A reported 1 in 8 couples will have difficulty trying to conceive. A support group for couples experiencing infertility is offering solidarity and hope.

A support group for couples is working to end the silence, stigma and shame of infertility.

Lynn Polin, the founder and creator of Kindred Beginnings, a family-building support group, tells Weekend TODAY's Kristen Welker she knows exactly what it feels like to want so desperately to start and expand a family, only to endure failed in vitro fertilization (IVF) attempts and pregnancy loss.

"My husband never wanted children," Polin told TODAY Parents. "So to go from never wanting children to having to go through six years and 10 rounds of IVF and a loss and a failed foster-to-adopt... it was a lot."

Related: How much is IVF? Surrogacy? Adoption? Here are the financial costs of infertility

While in therapy, Polin told her therapist there had to be a way for more people experiencing infertility to support each other.

"Everybody needs that one person," Polin explained. "And my therapist kind of did her therapist thing where she made it sound like my idea, but it was really her idea. She said, 'Hey, why don't you start a local support group?' So I found Resolve, the National Infertility Association, and applied to be a peer-led support group leader."

Assuming next to no one would attend her first meeting, Polin was shocked when nine people attended her inaugural session.

"That's how I got started," she added. "I turned my pain into power."

Related: Celebrities who have been open about their struggles with infertility

After the COVID-19 pandemic hit, Polin, who now has two children, became a certified integrative fertility coach and founded Kinder Beginnings, to provide couples experiencing infertility and other reproductive challenges with an "online community of safe, free spaces."

"I always say that amazing things happen when we surround ourselves in shared community, because that connection just shows us that we're not alone," Polin said. "Other people are going through similar experiences and have had similar feelings, and we can just support one another and lift each other up in love and support and connection."
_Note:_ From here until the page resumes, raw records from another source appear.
(* Let $\rho,\sigma\in\mathrm{Rect}^\ast(n)$ and let $\lambda\mapsto\lambda^\ast$ denote conjugation of partitions. Then: (1) $A(\rho^\ast)=A(\rho)^\ast$ and $s(\rho^\ast)=s(\rho)^\ast$; (2) $d_{\mathrm{sup}}(\rho,\sigma)=d_{\mathrm{sup}}(\rho^\ast,\sigma^\ast)$; (3) conjugation maps the support geodesics from $\rho$ to $\sigma$ bijectively onto the support geodesics from $\rho^\ast$ to $\sigma^\ast$, and hence $\mathrm{Corr}_{\mathrm{all}}(\rho^\ast,\sigma^\ast)=\mathrm{Corr}_{\mathrm{all}}(\rho,\sigma)^\ast$.
   Context: The partition graph $G_n$ has as vertices the integer partitions of $n$; two partitions are adjacent if one is obtained from the other by a single elementary unit transfer followed by reordering: decrease one part by $1$ and either increase a different part by $1$ or create a new part equal to $1$, then delete a part that became $0$ and sort in nonincreasing order (the result being different from the original). Conjugation transposes the Ferrers diagram; it is applied elementwise to sets, edges and paths. $\mathrm{Rect}^\ast(n)=\{(a^b):ab=n,\ a,b\ge2\}$, where $(a^b)$ has $b$ parts equal to $a$. For $\rho=(a^b)\in\mathrm{Rect}^\ast(n)$ let $\alpha(\rho)=(a+1,a^{\,b-2},a-1)$ (equal to $(a+1,a-1)$ if $b=2$) and $\beta(\rho)=(a^{\,b-1},a-1,1)$; the attachment pair is $A(\rho)=\{\alpha(\rho),\beta(\rho)\}$ and the support edge is $s(\rho)=\alpha(\rho)\beta(\rho)$. The support distance $d_{\mathrm{sup}}(\rho,\sigma)\in\mathbb N_0\cup\{\infty\}$ is the minimum of the graph distances in $G_n\setminus\mathrm{Rect}^\ast(n)$ between a vertex of $A(\rho)$ and a vertex of $A(\sigma)$, and $\infty$ if no path in $G_n\setminus\mathrm{Rect}^\ast(n)$ joins them. When $d_{\mathrm{sup}}(\rho,\sigma)<\infty$, a support geodesic from $\rho$ to $\sigma$ is a shortest path in $G_n\setminus\mathrm{Rect}^\ast(n)$ joining some vertex of $A(\rho)$ to some vertex of $A(\sigma)$, i.e. of length $d_{\mathrm{sup}}(\rho,\sigma)$; $\mathrm{Corr}_{\mathrm{all}}(\rho,\sigma)$ is the union of all support geodesics from $\rho$ to $\sigma$, and $\mathrm{Corr}_{\mathrm{all}}(\rho,\sigma)=\varnothing$ if $d_{\mathrm{sup}}(\rho,\sigma)=\infty$. *)

From mathcomp Require Import all_boot all_order.
From mathcomp Require Import boolp classical_sets.

Set Implicit Arguments.
Unset Strict Implicit.
Unset Printing Implicit Defensive.

Local Open Scope classical_set_scope.

Definition is_part (n : nat) (l : seq nat) : bool :=
  [&& sorted geq l, all (fun x => 0 < x) l & sumn l == n].

(* One elementary unit transfer: decrease part i by 1 and increase part j
   by 1, where j = size l means "create a new part equal to 1"
   (incr_nth pads with a 0); then delete zero parts and sort nonincreasingly. *)
Definition transfer (l : seq nat) (i j : nat) : seq nat :=
  sort geq [seq x <- incr_nth (set_nth 0 l i (nth 0 l i).-1) j | 0 < x].

Definition step (l m : seq nat) : bool :=
  [exists i : 'I_(size l), exists j : 'I_(size l).+1,
     (val i != val j) && (m == transfer l i j)] && (m != l).

Definition adj (n : nat) (l m : seq nat) : bool :=
  [&& is_part n l, is_part n m & step l m || step m l].

Definition conj (l : seq nat) : seq nat :=
  mkseq (fun k => count (fun x => k < x) l) (foldr maxn 0 l).

(* Rect*(n) = { (a^b) : a*b = n, a,b >= 2 }, (a^b) = b parts equal to a. *)
Definition is_rect (n : nat) (l : seq nat) : Prop :=
  exists a b, [/\ 2 <= a, 2 <= b, a * b = n & l = nseq b a].

Definition alpha (rho : seq nat) : seq nat :=
  let a := head 0 rho in let b := size rho in
  a.+1 :: nseq (b - 2) a ++ [:: a.-1].

Definition beta (rho : seq nat) : seq nat :=
  let a := head 0 rho in let b := size rho in
  nseq (b - 1) a ++ [:: a.-1; 1].

Definition attach (rho : seq nat) : seq (seq nat) := [:: alpha rho; beta rho].
Definition support_edge (rho : seq nat) : seq nat * seq nat := (alpha rho, beta rho).

Definition edge_eq (e f : seq nat * seq nat) : Prop :=
  (e.1 = f.1 /\ e.2 = f.2) \/ (e.1 = f.2 /\ e.2 = f.1).

Definition edge_conj (e : seq nat * seq nat) : seq nat * seq nat :=
  (conj e.1, conj e.2).

(* A walk x :: q in G_n \ Rect*(n) from a vertex of A(rho) to a vertex of
   A(sigma); its length is size q. *)
Definition supwalk (n : nat) (rho sigma : seq nat) (p : seq (seq nat)) : Prop :=
  match p with
  | [::] => False
  | x :: q =>
      [/\ x \in attach rho, last x q \in attach sigma, path (adj n) x q
        & forall y, y \in p -> is_part n y /\ ~ is_rect n y]
  end.

Definition dsup_pred (n : nat) (rho sigma : seq nat) : pred nat :=
  fun k => `[< exists p, supwalk n rho sigma p /\ size p = k.+1 >].

(* Support distance: Some d, or None for infinity. *)
Definition dsup (n : nat) (rho sigma : seq nat) : option nat :=
  match pselect (exists k, dsup_pred n rho sigma k) with
  | left H => Some (ex_minn H)
  | right _ => None
  end.

Definition sup_geodesic (n : nat) (rho sigma : seq nat) (p : seq (seq nat)) : Prop :=
  supwalk n rho sigma p /\ dsup n rho sigma = Some (size p).-1.

(* Corr_all(rho,sigma): union of all support geodesics, as a vertex set and
   an edge set (edges stored in both orientations). *)
Definition corr_vert (n : nat) (rho sigma : seq nat) : set (seq nat) :=
  [set x | exists p, sup_geodesic n rho sigma p /\ x \in p].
A reported one in eight couples will have a difficult time becoming pregnant or carrying a pregnancy to term, according to the The National Infertility Association. And while one 2017 study found that trouble conceiving can bring couples closer together, another study of 50,000 Danish women found that couples experiencing infertility are three times more likely to end up divorced.

One reason for the strain infertility and issues conceiving can have on relationships is the different ways men and women often cope. For example, one 2006 study found that women use "confrontative coping, accepting responsibility, seeking social support and escape" skills, while men rely on "distancing, self-controlling and planful problem-solving" techniques.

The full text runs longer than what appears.